- MATERIALS PROVIDED
(* Since [adj M = det M * M^-1] and [clamp] is homogeneous ([clamp_mul]),
   dividing by [det M] turns the clamp at [c |det M|] of [adj M *m b] into the
   clamp at [c] of [M^-1 b]; the factor [g <= K] keeps it inside the outer
   bound [c * K]. *)
Lemma clamp_sol_scaled_adj k c K g (M : 'M[R]_k) (b : 'cV[R]_k) :
  0 <= c -> 0 <= g <= K ->
  clamp_sol (c * K) (\det M)%:M (scaled_adj_rhs c g M b) = g *: clamp_sol c M b.
Proof.
case: k M b => [|k] M b c0 /andP[g0 gK]; first by apply/matrixP => -[].
rewrite /clamp_sol.
have -> : (((\det M)%:M : 'M[R]_k.+1) \in unitmx) = (M \in unitmx).
  by rewrite !unitmxE det_scalar !unitfE expf_eq0.
case: ifP => Mu; last by rewrite scaler0.
have d0 : \det M != 0 by rewrite -unitfE -unitmxE.
have entry u : clamp (c * K) ((\det M)^-1 * (g * clamp (c * `|\det M|) u)) =
    g * clamp c ((\det M)^-1 * u).
  rewrite -{1}(mulVKf d0 u) [c * `|_|]mulrC clamp_mul // mulrCA mulKf //.
  apply: clamp_id; rewrite normrM (ger0_norm g0) mulrC.
  by apply: ler_pM => //; exact: clamp_bound.
rewrite invmx_scalar mul_scalar_mx /invmx Mu -scalemxAl.
by apply/matrixP => i j; rewrite !mxE; exact: entry.
Qed.

End Clamp.

Section TimeChange.
Context {R : realType}.
Variables s0 s1 s2 sf : R.
Implicit Types a b h s u : R.

Definition warp_rate : R := 6 * (sf - s0) / (s2 - s1) ^+ 3.

(* [warp] is the cubic with [warp s1 = s0], [warp s2 = sf] whose derivative
   [warp_rate * (s - s1) * (s2 - s)] vanishes at [s1] and [s2]. *)
Definition warp (s : R) : R :=
  s0 + warp_rate * ((s2 - s1) * (s - s1) ^+ 2 / 2 - (s - s1) ^+ 3 / 3).

Definition warp_speed (s : R) : R :=
  Num.max 0 (warp_rate * ((s - s1) * (s2 - s))).

Definition warp_ext (s : R) : R := warp (Num.min (Num.max s s1) s2).

Definition warp_inv (u : R) : R :=
  xget s1 [set s | s1 <= s <= s2 /\ warp s = u].

Lemma is_derive_warp s : is_derive s 1 warp (warp_rate * ((s - s1) * (s2 - s))).
Proof. by apply: is_derive_eq; rewrite /GRing.scale /=; field. Qed.

Lemma continuous_warp : continuous warp.
Proof.
move=> s; have [dw _] := is_derive_warp s.
exact/differentiable_continuous/derivable1_diffP.
Qed.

- DESCRIPTION OF THE TASK
Give back the lines of the data exactly as they are written, from the first line through the line containing "Implicit Types a b h s u : R.".

- RESPONSE AREA
(* Since [adj M = det M * M^-1] and [clamp] is homogeneous ([clamp_mul]),
   dividing by [det M] turns the clamp at [c |det M|] of [adj M *m b] into the
   clamp at [c] of [M^-1 b]; the factor [g <= K] keeps it inside the outer
   bound [c * K]. *)
Lemma clamp_sol_scaled_adj k c K g (M : 'M[R]_k) (b : 'cV[R]_k) :
  0 <= c -> 0 <= g <= K ->
  clamp_sol (c * K) (\det M)%:M (scaled_adj_rhs c g M b) = g *: clamp_sol c M b.
Proof.
case: k M b => [|k] M b c0 /andP[g0 gK]; first by apply/matrixP => -[].
rewrite /clamp_sol.
have -> : (((\det M)%:M : 'M[R]_k.+1) \in unitmx) = (M \in unitmx).
  by rewrite !unitmxE det_scalar !unitfE expf_eq0.
case: ifP => Mu; last by rewrite scaler0.
have d0 : \det M != 0 by rewrite -unitfE -unitmxE.
have entry u : clamp (c * K) ((\det M)^-1 * (g * clamp (c * `|\det M|) u)) =
    g * clamp c ((\det M)^-1 * u).
  rewrite -{1}(mulVKf d0 u) [c * `|_|]mulrC clamp_mul // mulrCA mulKf //.
  apply: clamp_id; rewrite normrM (ger0_norm g0) mulrC.
  by apply: ler_pM => //; exact: clamp_bound.
rewrite invmx_scalar mul_scalar_mx /invmx Mu -scalemxAl.
by apply/matrixP => i j; rewrite !mxE; exact: entry.
Qed.

End Clamp.

Section TimeChange.
Context {R : realType}.
Variables s0 s1 s2 sf : R.
Implicit Types a b h s u : R.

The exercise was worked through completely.